INTRODUCTION

to the workshop on Example-Based Machine Translation

This volume contains the papers for presentation at the Workshop on Example Based Machine Translation, which is part of the MT Summit VIII held on September 18, in Santiago de Compostela, Spain.

In recent years, corpora of multilingual translated texts have become widely available for a number of languages. Notwithstanding the seminal paper by Nagao (1984), it is primarily since the early 90's that such bilingual texts have been exploited in the area of Machine Translation (MT).

The two main paradigmatic approaches which have been proposed are Statistics-based Machine Translation (SBMT) and Example-Based Machine Translation (EBMT). A related variant of EBMT that we ignore here, despite being widely used in the localisation area, is that of Translation Memories (TM).

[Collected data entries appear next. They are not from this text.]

Lemma slice0 d : slice d 0 = 0.
Proof. by apply/malgP => s; rewrite mcoeff_slice !mcoeff0. Qed.

Lemma sliceD d p q : slice d (p + q) = slice d p + slice d q.
Proof. by apply/malgP => s; rewrite mcoeffD !mcoeff_slice mcoeffD. Qed.

Lemma slice_pmulU d c u p :
  slice d (pmul << c *g u >> p) = pmul << c *g u.1 >> (slice (d - u.2) p).
Proof.
by case: u => a b; apply/malgP => s; rewrite mcoeff_slice !mcoeff_pmulU mcoeff_slice pairB.
Qed.

End Slice.

Section Semigroups.
Variables (R : realType) (n : nat) (V : seq 'rV[R]_n).
Hypothesis M0 : inM V 0.
Local Notation E := 'rV[int]_n.
Implicit Types (s : E) (u : E * int).

Lemma SMh_SM u : SMh V u -> SM V u.1.
Proof. by case=> l [Hl e _]; exists l. Qed.

Lemma SMhD u v : SMh V u -> SMh V v -> SMh V (u + v).
Proof.
case=> l1 [H1 s1 e1] [l2 [H2 s2 e2]]; exists (l1 ++ l2); split.
- by move=> a; rewrite mem_cat => /orP[/H1|/H2].
- by rewrite big_cat /= s1 s2.
- by rewrite size_cat /= e1 e2 PoszD.
Qed.

Lemma SMh0 (k : nat) : SMh V (0, k%:Z).
Proof.
have M0Z : latM V 0.
  by rewrite /latM (_ : map_mx _ 0 = 0) //; apply/matrixP => i j; rewrite !mxE.
exists (nseq k 0); split; last by rewrite size_nseq.
- by move=> a /nseqP[-> _].
- by rewrite big_nseq; elim: k => //= k <-; rewrite addr0.
Qed.

Lemma SMh_raise s (d k : nat) : SMh V (s, d%:Z) -> SMh V (s, (d + k)%N%:Z).
Proof. by move/SMhD/(_ (SMh0 k)); rewrite pairD addr0 PoszD. Qed.

Lemma deltaA_SMh s : SM V s -> SMh V (s, (deltaA V s)%:Z).
Proof.
case=> l [Hl e]; rewrite /deltaA; case: excluded_middle_informative => [ex|[]].
  by case: ex_minnP => d; case: excluded_middle_informative.
by exists (size l), l.
Qed.

Lemma deltaA_min s (d : nat) : SMh V (s, d%:Z) -> (deltaA V s <= d)%N.
Proof.
move=> Sd; rewrite /deltaA; case: excluded_middle_informative => [ex|[]]; last by exists d.
case: ex_minnP => m _; apply; by case: excluded_middle_informative.
Qed.

Lemma SMh_deltaA_le s (d : nat) : SM V s -> (deltaA V s <= d)%N -> SMh V (s, d%:Z).
Proof. by move=> Ss /subnKC <-; apply/SMh_raise/deltaA_SMh. Qed.

Lemma SMh_deltaA u : SMh V u -> exists2 d : nat, u.2 = d%:Z & (deltaA V u.1 <= d)%N.
Proof.
case: u => s e Su; have [l [_ _ /= el]] := Su.
by exists (size l) => //; apply: deltaA_min; rewrite -el.
Qed.

Lemma deltaAD_le a b : SM V a -> SM V b ->
  (deltaA V (a + b) <= deltaA V a + deltaA V b)%N.
Proof.
move=> Sa Sb; apply: deltaA_min.
by have := SMhD (deltaA_SMh Sa) (deltaA_SMh Sb); rewrite PoszD.
Qed.

Lemma div_h_raise u s (d k : nat) :
  div_h V u (s, d%:Z) -> div_h V u (s, (d + k)%N%:Z).
Proof.
case=> -[w e] [Sw uw dw]; exists ((w, e) + (0, k%:Z)); split.
- exact: SMhD Sw (SMh0 k).
- by rewrite addrA uw pairD addr0 PoszD.
- by rewrite pairD addr0.
Qed.

End Semigroups.

Section Finiteness.
Variables (R : realType) (n : nat) (V : seq 'rV[R]_n).
Local Notation E := 'rV[int]_n.

Lemma latM_bounded : exists B : nat, forall a : E, latM V a -> forall j, `|a 0 j| <= B%:Z.
Proof.
pose C := \sum_(i < size V) \sum_(j < n) `|V`_i 0 j|.
have C0 : 0 <= C by apply: sumr_ge0 => i _; apply: sumr_ge0.
exists (Num.bound C) => a [lam [lam0 lam1 ea]] j.
have aj : (a 0 j)%:~R = \sum_(i < size V) lam i * V`_i 0 j :> R.
  have := congr1 (fun M : 'rV[R]_n => M 0 j) ea; rewrite /= !mxE => ->.
  by rewrite summxE; apply: eq_bigr => i _; rewrite mxE.
have lam_le1 i : lam i <= 1 by rewrite -lam1 (bigD1 i) //= lerDl sumr_ge0.
rewrite -(ler_int R) intr_norm aj.
apply: le_trans (ler_norm_sum _ _ _) (le_trans _ (ltW (archi_boundP C0))).
apply: ler_sum => i _; rewrite normrM (ger0_norm (lam0 i)).
apply: le_trans (_ : `|V`_i 0 j| <= _).
  by rewrite -[leRHS]mul1r ler_wpM2r.
by rewrite (bigD1 j) //= lerDl sumr_ge0.
Qed.

Lemma bounded_rows_finite (N : nat) : exists L : seq E,
  forall s : E, (forall j, `|s 0 j| <= N%:Z) -> s \in L.
Proof.
pose row_of (f : {ffun 'I_n -> 'I_(N + N).+1}) : E := \row_j ((f j : nat)%:Z - N%:Z).
exists [seq row_of f | f <- enum {ffun 'I_n -> 'I_(N + N).+1}] => s sN.
pose f := [ffun j => (inord (absz (s 0 j + N%:Z)) : 'I_(N + N).+1)].
have -> : s = row_of f.
  by apply/matrixP => i j; rewrite !mxE ffunE (ord1 i) inordK; have := sN j; lia.
by rewrite map_f ?mem_enum.
Qed.

Lemma SM_deltaA_finite (D : nat) : exists L : seq E,
  forall s, SM V s -> (deltaA V s <= D)%N -> s \in L.
Proof.
have [B HB] := latM_bounded; have [L HL] := bounded_rows_finite (D * B).
exists L => s Ss sD; apply: HL => j.
have [l [Hl /= es /eqP]] := deltaA_SMh Ss; rewrite eqz_nat => /eqP dl.
apply: le_trans (_ : (size l * B)%N%:Z <= _); last by rewrite lez_nat leq_mul2r -dl sD orbT.
rewrite es summxE; elim: l Hl {sD dl es} => [|a l IH] Hl; first by rewrite big_nil normr0.
rewrite big_cons /= mulSn PoszD; apply: le_trans (ler_normD _ _) _.
rewrite lerD ?IH ?HB // => [|b bl]; apply: Hl; by rewrite inE ?eqxx ?bl ?orbT.
Qed.

End Finiteness.

Section StrictTotalOrders.
Variables (T : Type) (S : T -> Prop).
Implicit Type lt : T -> T -> Prop.

Definition irreflexive_on lt := forall s, S s -> ~ lt s s.

Definition transitive_on lt :=
  forall s t u, S s -> S t -> S u -> lt s t -> lt t u -> lt s u.

Definition strict_total_on lt := [/\ irreflexive_on lt, transitive_on lt &
  forall s t, S s -> S t -> s <> t -> lt s t \/ lt t s].

Lemma lex_strict_total (disp : Order.disp_t) (X : orderType disp) (key : T -> X) lt :
  irreflexive_on lt -> transitive_on lt ->
  (forall s t, S s -> S t -> s <> t -> key s = key t -> lt s t \/ lt t s) ->
  strict_total_on (fun s t => (key s < key t)%O \/ key s = key t /\ lt s t).
Proof.
move=> irr tr tot; split.
- by move=> s Ss [|[_ /(irr s Ss)]]; rewrite ?ltxx.
- move=> s t u Ss St Su [st|[-> st]] [tu|[<- tu]]; [left; exact: lt_trans tu|by left..|].
  by right; split=> //; apply: tr st tu.
- move=> s t Ss St st.
  case: (ltgtP (key s) (key t)) => [|| e]; [by left; left|by right; left|].
  by case: (tot s t Ss St st e) => ?; [left|right]; right.
Qed.

End StrictTotalOrders.

Lemma sub_count_lt (T : eqType) (a1 a2 : pred T) (s : seq T) x :
  subpred a1 a2 -> x \in s -> a2 x -> ~~ a1 x -> (count a1 s < count a2 s)%N.
Proof.
move=> sub12; elim: s => [//|y s IH]; rewrite inE => /predU1P[<-|xs] a2x a1x /=.
  by rewrite (negbTE a1x) a2x ltnS sub_count.
apply: leq_trans (_ : (a1 y + count a2 s <= _)%N); first by rewrite ltn_add2l IH.
by rewrite leq_add2r; case: (a1 y) (sub12 y) => // ->.
Qed.

Lemma finite_lt_ind (T : eqType) (S : T -> Prop) (lt : T -> T -> Prop) :
  irreflexive_on S lt -> transitive_on S lt ->
  (forall x, S x -> exists L : seq T, forall y, S y -> lt y x -> y \in L) ->
  forall P : T -> Prop, (forall x, S x -> (forall y, S y -> lt y x -> P y) -> P x) ->
  forall x, S x -> P x.
Proof.
move=> irr tr fin P IH x Sx; have [L xL] := fin x Sx.
pose below z := [pred y | `[< S y /\ lt y z >]].
suff: forall k z, S z -> (forall y, S y -> lt y z -> y \in L) ->
    (count (below z) L < k)%N -> P z by move/(_ _ x Sx xL (ltnSn _)).
elim=> [//|k IHk] z Sz zL zk; apply: IH => // y Sy yz.
have yL y' : S y' -> lt y' y -> y' \in L.
  by move=> Sy' y'y; apply: zL (tr _ _ _ Sy' Sy Sz y'y yz).
apply: IHk yL _ => //; rewrite -ltnS (leq_trans _ zk) // ltnS.
apply: (sub_count_lt (x := y)); rewrite ?zL //.
- by move=> y' /asboolP[Sy' y'y]; apply/asboolP; split; last exact: tr _ _ _ Sy' Sy Sz y'y yz.
- exact/asboolP.
- by apply/asboolP => -[_ /(irr y Sy)].
Qed.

While translation memory systems are used in restricted domains, SBMT systems require training on huge, good quality bilingual corpora. As a consequence TMs can hardly be applied as a general purpose solution to MT, and SBMT as yet cannot produce complex translations to the desired quality, even if such translations are given to the system in the training phase. EBMT seeks to exploit and integrate a number of knowledge resources, such as linguistics and statistics, and symbolic and numerical techniques, for integration into one framework. In this way, rule-based morphological, syntactic and/or semantic information is combined with knowledge extracted from bilingual texts which is then re-used in the translation process.

However, it is unclear how one might combine the different knowledge resources and techniques in an optimal way. In EBMT, therefore, the question is asked: what can be learned from a bilingual corpus and what needs to be manually provided? Furthermore, we remain uncertain as to how far the EBMT methodology can be pushed with respect to translation quality and/or translation purpose. Finally, one wonders what the implications and consequences are for the size and quality of the reference translations, (computational) complexity of the system, sizeability and transportability, if such an approach is taken. Given this background, the contributions of the workshop seek to shed some light on these open questions, among others.

Instead of inviting a speaker, the organizers have decided to feature two outstanding papers submitted to the workshop which are allocated a longer presentation and discussion time. We are glad that Harold Somers and Kevin McTait have accepted this invitation.

We are very grateful to the programme committee for the effort they put in reviewing the papers and their comments and suggestions for the workshop. Additionally we would like to thank Ute Hauck for converting file formats and compiling these proceedings into printable form.

Michael Carl and Andy Way

July 2001